To do: Find every line of the listing below where "Import" appears, and copy it.

++++++++++++++++++++

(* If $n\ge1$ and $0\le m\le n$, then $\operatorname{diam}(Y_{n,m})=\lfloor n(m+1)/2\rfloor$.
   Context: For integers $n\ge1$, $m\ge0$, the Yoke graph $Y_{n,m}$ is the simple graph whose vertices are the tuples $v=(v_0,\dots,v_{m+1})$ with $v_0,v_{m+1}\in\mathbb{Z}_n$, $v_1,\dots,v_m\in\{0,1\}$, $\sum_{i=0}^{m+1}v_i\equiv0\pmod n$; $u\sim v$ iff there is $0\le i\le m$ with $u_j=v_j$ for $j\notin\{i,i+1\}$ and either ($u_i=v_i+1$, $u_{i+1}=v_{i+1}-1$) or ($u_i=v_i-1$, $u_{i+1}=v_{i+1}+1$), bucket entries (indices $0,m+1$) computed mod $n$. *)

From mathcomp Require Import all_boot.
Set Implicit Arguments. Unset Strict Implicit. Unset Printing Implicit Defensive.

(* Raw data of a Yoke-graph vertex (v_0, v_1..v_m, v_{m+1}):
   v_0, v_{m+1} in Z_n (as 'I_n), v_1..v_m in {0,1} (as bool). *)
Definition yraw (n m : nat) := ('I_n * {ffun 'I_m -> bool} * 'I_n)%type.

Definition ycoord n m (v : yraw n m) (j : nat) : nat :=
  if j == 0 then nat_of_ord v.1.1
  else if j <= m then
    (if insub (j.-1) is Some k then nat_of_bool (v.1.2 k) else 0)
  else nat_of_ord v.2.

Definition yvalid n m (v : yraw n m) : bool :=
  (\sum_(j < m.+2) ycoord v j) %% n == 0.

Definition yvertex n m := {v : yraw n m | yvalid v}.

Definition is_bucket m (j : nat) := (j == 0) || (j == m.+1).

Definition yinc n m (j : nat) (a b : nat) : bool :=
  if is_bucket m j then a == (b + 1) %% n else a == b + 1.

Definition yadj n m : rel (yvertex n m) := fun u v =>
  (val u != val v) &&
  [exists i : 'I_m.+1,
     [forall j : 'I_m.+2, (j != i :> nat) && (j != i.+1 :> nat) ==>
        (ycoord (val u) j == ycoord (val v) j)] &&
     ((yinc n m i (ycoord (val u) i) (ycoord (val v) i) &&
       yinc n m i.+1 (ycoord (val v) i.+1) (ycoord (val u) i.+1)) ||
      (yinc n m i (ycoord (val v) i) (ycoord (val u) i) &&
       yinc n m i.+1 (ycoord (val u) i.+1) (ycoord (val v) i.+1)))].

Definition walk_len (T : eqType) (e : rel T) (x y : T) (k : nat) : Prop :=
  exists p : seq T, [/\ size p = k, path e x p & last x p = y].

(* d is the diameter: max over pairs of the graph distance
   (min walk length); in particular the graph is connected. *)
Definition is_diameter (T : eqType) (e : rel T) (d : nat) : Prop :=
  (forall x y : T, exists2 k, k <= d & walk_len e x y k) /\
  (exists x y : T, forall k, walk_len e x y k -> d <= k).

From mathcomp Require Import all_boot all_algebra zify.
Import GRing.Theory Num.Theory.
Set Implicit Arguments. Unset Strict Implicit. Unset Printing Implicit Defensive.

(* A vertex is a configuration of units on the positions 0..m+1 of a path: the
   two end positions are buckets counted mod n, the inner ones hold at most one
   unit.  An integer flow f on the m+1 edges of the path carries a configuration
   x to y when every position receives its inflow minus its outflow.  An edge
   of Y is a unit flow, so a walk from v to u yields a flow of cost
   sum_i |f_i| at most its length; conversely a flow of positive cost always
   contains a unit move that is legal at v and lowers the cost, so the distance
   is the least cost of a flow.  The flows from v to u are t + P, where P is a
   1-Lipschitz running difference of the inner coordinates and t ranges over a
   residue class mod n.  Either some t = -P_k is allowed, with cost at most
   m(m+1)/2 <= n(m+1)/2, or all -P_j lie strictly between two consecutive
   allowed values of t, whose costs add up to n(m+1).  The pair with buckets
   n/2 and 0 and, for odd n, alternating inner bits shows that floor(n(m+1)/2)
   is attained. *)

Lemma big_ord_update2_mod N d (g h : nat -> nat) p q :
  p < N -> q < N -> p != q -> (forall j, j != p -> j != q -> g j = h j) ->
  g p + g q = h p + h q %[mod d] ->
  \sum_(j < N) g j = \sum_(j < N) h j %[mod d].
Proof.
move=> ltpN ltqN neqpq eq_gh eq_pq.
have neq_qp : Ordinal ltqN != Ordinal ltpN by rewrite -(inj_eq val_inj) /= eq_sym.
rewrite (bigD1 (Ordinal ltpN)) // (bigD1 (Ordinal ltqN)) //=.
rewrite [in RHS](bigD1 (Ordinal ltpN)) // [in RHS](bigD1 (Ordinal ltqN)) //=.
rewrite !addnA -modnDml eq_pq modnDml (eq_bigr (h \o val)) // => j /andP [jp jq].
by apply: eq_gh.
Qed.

++++++++++++++++++++

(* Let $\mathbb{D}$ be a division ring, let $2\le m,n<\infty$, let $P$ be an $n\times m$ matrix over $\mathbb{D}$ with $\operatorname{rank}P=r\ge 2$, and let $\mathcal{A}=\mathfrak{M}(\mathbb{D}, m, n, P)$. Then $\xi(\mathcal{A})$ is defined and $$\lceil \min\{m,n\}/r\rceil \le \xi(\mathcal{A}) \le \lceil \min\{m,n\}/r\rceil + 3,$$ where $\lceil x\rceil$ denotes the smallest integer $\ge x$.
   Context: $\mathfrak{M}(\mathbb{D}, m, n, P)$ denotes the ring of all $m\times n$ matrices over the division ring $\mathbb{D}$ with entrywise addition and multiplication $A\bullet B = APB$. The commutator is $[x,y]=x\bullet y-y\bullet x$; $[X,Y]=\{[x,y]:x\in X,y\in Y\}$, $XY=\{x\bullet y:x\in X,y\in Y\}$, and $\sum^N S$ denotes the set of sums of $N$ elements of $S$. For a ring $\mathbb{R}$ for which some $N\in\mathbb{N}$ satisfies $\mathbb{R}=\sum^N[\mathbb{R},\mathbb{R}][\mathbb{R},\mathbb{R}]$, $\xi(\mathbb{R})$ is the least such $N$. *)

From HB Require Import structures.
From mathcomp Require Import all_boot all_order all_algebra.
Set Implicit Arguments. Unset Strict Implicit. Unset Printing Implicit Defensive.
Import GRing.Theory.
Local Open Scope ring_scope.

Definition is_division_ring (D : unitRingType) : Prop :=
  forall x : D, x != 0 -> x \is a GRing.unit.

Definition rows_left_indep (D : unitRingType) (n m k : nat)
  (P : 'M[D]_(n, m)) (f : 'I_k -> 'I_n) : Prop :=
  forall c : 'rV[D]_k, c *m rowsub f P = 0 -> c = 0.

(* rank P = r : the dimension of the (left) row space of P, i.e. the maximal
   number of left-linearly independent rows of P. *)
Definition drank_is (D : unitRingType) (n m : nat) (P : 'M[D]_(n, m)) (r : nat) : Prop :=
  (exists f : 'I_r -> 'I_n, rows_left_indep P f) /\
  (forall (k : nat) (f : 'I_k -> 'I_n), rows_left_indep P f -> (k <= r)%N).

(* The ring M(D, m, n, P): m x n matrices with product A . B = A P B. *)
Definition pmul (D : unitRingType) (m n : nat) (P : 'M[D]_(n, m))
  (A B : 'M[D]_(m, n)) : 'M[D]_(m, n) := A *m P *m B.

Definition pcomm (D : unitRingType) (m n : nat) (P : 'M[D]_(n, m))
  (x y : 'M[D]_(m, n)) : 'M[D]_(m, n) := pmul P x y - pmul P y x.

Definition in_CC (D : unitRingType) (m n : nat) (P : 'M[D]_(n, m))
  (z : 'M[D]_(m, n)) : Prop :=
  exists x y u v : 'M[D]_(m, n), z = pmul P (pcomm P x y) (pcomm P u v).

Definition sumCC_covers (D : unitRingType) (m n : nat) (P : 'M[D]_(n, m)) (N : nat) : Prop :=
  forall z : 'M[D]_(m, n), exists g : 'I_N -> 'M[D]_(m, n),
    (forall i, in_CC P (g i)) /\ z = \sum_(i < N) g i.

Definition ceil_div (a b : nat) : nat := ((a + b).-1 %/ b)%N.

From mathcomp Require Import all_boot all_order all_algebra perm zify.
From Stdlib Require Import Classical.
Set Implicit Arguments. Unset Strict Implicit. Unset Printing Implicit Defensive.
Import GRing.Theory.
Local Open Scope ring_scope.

++++++++++++++++++++

Result of the exercise:
From mathcomp Require Import all_boot.
From mathcomp Require Import all_boot all_algebra zify.
Import GRing.Theory Num.Theory.
From HB Require Import structures.
From mathcomp Require Import all_boot all_order all_algebra.
Import GRing.Theory.
From mathcomp Require Import all_boot all_order all_algebra perm zify.
From Stdlib Require Import Classical.
Import GRing.Theory.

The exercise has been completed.